The main constraint in the L2C system is the strict latency 
VII. PROJECTED UPGRADE OF THE EWS A. New Requirements for the L2C
The NA48 collaboration has requested that the charged trigger be able to stand an increased event rate of about 150-200 kHz. At such a rate, the pre.sent implementation would see its dead time and event loss increase to prohibitive values. Meanwhile, we have studied the possibility of replacing the EWs based on DSP clusters by mono-processor EWs based on state of the art general purpose RISCs: the straightforward, sequential software of a mono-processor EW would indeed be much more easy to maintain than the present MIMD code as it would get rid of much communication and synchronization code.
B. Benchmarks
We have run the L2C core software on various processors and obtained very encouraging results. This tremendous leap in performance can be explained by the fact that the architecture of present-day general purpose processors is particularly adapted to the L2C algorithm.

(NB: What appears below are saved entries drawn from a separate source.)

(* Let $\mathcal{S}$ be a set with $|\mathcal{S}|=m\ge 2$, let $l\ge 4$, and fix $j$ distinct reduced words of length $g(l)<l/4$ in the free group $\langle\mathcal{S}\rangle$. Then the probability that a uniformly random cyclically reduced word of length $l$ in $\langle\mathcal{S}\rangle$ contains none of these $j$ words as a subword is at most \[ \exp\left(\frac{2}{(2m-1)^{(l/2)-1}}-\frac{lj}{9g(l)(2m-1)^{g(l)}}\right). \] *)

From Stdlib Require Import Reals.
From mathcomp Require Import all_boot.
Set Implicit Arguments. Unset Strict Implicit. Unset Printing Implicit Defensive.

(* Letters of the free group on the finite generating set S:
   (s, false) is the generator s, (s, true) is its inverse s^-1. *)
Definition letter (S : finType) : finType := (S * bool)%type.

Definition letter_inv (S : finType) (a : letter S) : letter S := (a.1, ~~ a.2).

Definition reduced (S : finType) (w : seq (letter S)) : bool :=
  sorted (fun a b => b != letter_inv a) w.

Definition cyc_reduced (S : finType) (w : seq (letter S)) : bool :=
  reduced w && (if w is x :: _ then last x w != letter_inv x else true).

Definition cyc_words (S : finType) (l : nat) : {set l.-tuple (letter S)} :=
  [set t : l.-tuple (letter S) | cyc_reduced t].

Definition avoiding_words (S : finType) (l : nat) (ws : seq (seq (letter S)))
  : {set l.-tuple (letter S)} :=
  [set t : l.-tuple (letter S) | cyc_reduced t && all (fun u => ~~ infix u t) ws].

Definition prob_avoid (S : finType) (l : nat) (ws : seq (seq (letter S))) : R :=
  Rdiv (INR #|avoiding_words l ws|) (INR #|cyc_words S l|).

From Stdlib Require Import Reals Lra.
From mathcomp Require Import all_boot zify.
Set Implicit Arguments. Unset Strict Implicit. Unset Printing Implicit Defensive.

(* Cut the cyclic word into N = (l-1) %/ (k+1) windows of k+2 letters, consecutive
   windows sharing a border letter, so that their interiors are disjoint blocks of
   k letters.  Once every letter outside one window is fixed, there are at most
   (2m-1)^(k+2) cyclically reduced completions, and at least j (2m-2)^2 of them put
   a forbidden word in the interior, because each border letter only has to avoid
   two inverses.  Conditioning window after window, the proportion of words with no
   forbidden window interior is at most
   (1 - j (2m-2)^2 / (2m-1)^(k+2))^N <= exp (- N j (2m-2)^2 / (2m-1)^(k+2)),
   and N >= l / (4k) gives the stated exponent; its first term is mere slack. *)

Lemma card_set_fibers (X Y : finType) (f : X -> Y) (A : {set X}) :
  #|A| = \sum_(y : Y) #|[set x in A | f x == y]|.
Proof.
rewrite -sum1_card (partition_big f predT) //=; apply: eq_bigr => y _.
by rewrite -sum1_card; apply: eq_bigl => x; rewrite inE.
Qed.

Lemma leq_card_in_set (X Y : finType) (f : X -> Y) (A : {set X}) (B : {set Y}) :
  {in A &, injective f} -> {in A, forall x, f x \in B} -> #|A| <= #|B|.
Proof.
move=> f_inj fAB; rewrite -(card_in_imset f_inj); apply: subset_leq_card.
by apply/subsetP => _ /imsetP [x xA ->]; apply: fAB.
Qed.
Lemma ladder_prob_sum (s : R) m : \sum_(k < m.+1) ladder_prob s m k = 1.
Proof.
under eq_bigr do rewrite -[ladder_prob _ _ _]mulr1 ladder_probE.
rewrite (sumr_by_parts (fun k => s ^+ (m - k)) (fun=> 1)) subnn expr0 mulr1.
by rewrite big1 ?add0r // => k _; rewrite subrr mulr0.
Qed.

Lemma ladder_meanE (s : R) m :
  ladder_mean s m = 1 - s ^+ m - m%:R * (s ^+ m * (1 - s)).
Proof.
rewrite /ladder_mean; under eq_bigr do rewrite /ladder_cost mulrBr mulr1.
rewrite sumrB ladder_prob_sum big_ord_recl /= expr0 mulr1 opprD addrA; congr (_ - _).
rewrite (eq_bigr (fun _ => s ^+ m * (1 - s))) ?sumr_const ?card_ord ?mulr_natl //.
by move=> k _; rewrite mulrAC -exprD /bump /= add1n subnK // ltn_ord.
Qed.

Context {s : R}.
Hypothesis s01 : 0 <= s <= 1.

Lemma ladder_prob_ge0 m k : 0 <= ladder_prob s m k.
Proof.
case/andP: s01 => s0 s1; case: k => [|k] /=; first exact: exprn_ge0.
by apply: mulr_ge0; [exact: exprn_ge0 | lra].
Qed.

Lemma ladder_cost_itv k : 0 <= ladder_cost s k <= 1.
Proof.
case/andP: s01 => s0 s1; rewrite /ladder_cost.
by have := exprn_ge0 k s0; have := exprn_ile1 k s0 s1; lra.
Qed.

Lemma ladder_mean_itv m : 0 <= ladder_mean s m <= 1.
Proof.
apply/andP; split; first by apply: sumr_ge0 => k _;
  rewrite mulr_ge0 ?ladder_prob_ge0 //; case/andP: (ladder_cost_itv k).
rewrite -(ladder_prob_sum s m) ler_sum // => k _.
by rewrite ler_piMr ?ladder_prob_ge0 //; case/andP: (ladder_cost_itv k).
Qed.

(* Myerson's payment identity, discretised: local truthfulness between
   adjacent atoms and individual rationality at the top one force the
   expected payment to cover the expected allocation, up to the lowest atom. *)
Lemma ladder_myerson m (X Pay : nat -> R) :
  (forall k, (k < m)%N ->
     Pay k.+1 - ladder_cost s k * X k.+1 <= Pay k - ladder_cost s k * X k) ->
  ladder_cost s m * X m <= Pay m -> X 0%N <= 1 ->
  \sum_(k < m.+1) ladder_prob s m k * X k - ladder_prob s m 0
    <= \sum_(k < m.+1) ladder_prob s m k * Pay k.
Proof.
move=> truthful ir X0_le1.
pose U k := Pay k - ladder_cost s k * X k.
have pow_ge0 k : 0 <= s ^+ (m - k) by rewrite exprn_ge0 //; case/andP: s01.
have shift : \sum_(k < m) ladder_prob s m k.+1 * ladder_cost s k.+1 * X k.+1 =
    \sum_(k < m.+1) ladder_prob s m k * ladder_cost s k * X k.
  by rewrite big_ord_recl /ladder_cost expr0 subrr mulr0 mul0r add0r.
have payE : \sum_(k < m.+1) ladder_prob s m k * Pay k =
    \sum_(k < m) s ^+ (m - k) * (U k - U k.+1) + s ^+ (m - m) * U m +
    \sum_(k < m) ladder_prob s m k.+1 * ladder_cost s k.+1 * X k.+1.
  rewrite shift -(sumr_by_parts (fun k => s ^+ (m - k))) -big_split /=.
  by apply: eq_bigr => k _; rewrite -ladder_probE /U; ring.
have rent k : (k < m)%N -> ladder_prob s m k.+1 * X k.+1 <=
    s ^+ (m - k) * (U k - U k.+1) + ladder_prob s m k.+1 * ladder_cost s k.+1 * X k.+1.
  move=> lt_km; have := ler_wpM2l (pow_ge0 k) (truthful k lt_km).
  have := congr1 ( *%R^~ (X k.+1)) (ladder_virtual_cost s _ _ lt_km).
  rewrite /U /=; nra.
have U_m_ge0 : 0 <= s ^+ (m - m) * U m by rewrite mulr_ge0 // /U subr_ge0.
have X0_term : s ^+ m * X 0%N <= s ^+ m.
  by rewrite ler_piMr ?exprn_ge0 //; case/andP: s01.
have sum_rent : \sum_(k < m) ladder_prob s m k.+1 * X k.+1 <=
    \sum_(k < m) (s ^+ (m - k) * (U k - U k.+1) +
                  ladder_prob s m k.+1 * ladder_cost s k.+1 * X k.+1).
  by apply: ler_sum => k _; exact: rent.
move: sum_rent; rewrite payE big_ord_recl big_split /=; lra.
Qed.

The amount of data per event is very small (typically -160 bytes) while the track-reconstruction algorithm is relatively complex (though not bulky). The first access to the data by the processor practically loads the whole event into the processor's cache and then the algorithm proceeds at full speed. This also entails that any increase of clock frequency on a processor means a gain of the same proportions in computing time.
D. Implementation Inside the Existing System
Presently, the communication between the EWs and the rest of the system goes either through 'C40 links for fast data transfers or VME for monitoring and control. Any upgrade of the EWs poses a hardware problem, which is to interface the new RISC boards with the EBD and the FM through the 'C40 link protocol, and a software problem, which involves the porting of the DSP software on a RISC platform and the development of the drivers of the hardware interface. Since most of today's RISC VME boards are made to receive at least one PCI mezzanine card (PMC), the most straightforward way of interfacing the mono-processor EWs with the rest of the system is to develop a specific PMC that will handle the different data transfers on firmware, using the 'C40 link protocol (Figure9). It will also have to take on some low-level functions (e.g. timers) which are present on the DSP chips but will not be available on the RISC processor.
VIII. CONCLUSION
The L2C is a successful implementation of a high rate, software, scalable trigger system. Its strong points include a small scale, efficient and compact switched-based event builder, as well as a scalable processing farm of commercial CPUs which allows for easy upgrades.
It is to be noted that capabilities for standalone emulation and testing are crucial for the development of such a complex system: without these features the integration of the system would have proved much more difficult.
The importance of control software should also be underlined: monitoring a 100 kHz or more event processing system requires a strong software back-end which, beyond everything, has to be robust.
The NA48 charged trigger may be considered as a small example of what will have to be done for future LHC experiments: software trigger systems, statistical performance, massive parallelism, commercial electronics. The experience acquired through the design of this particular is precious for the design of future systems.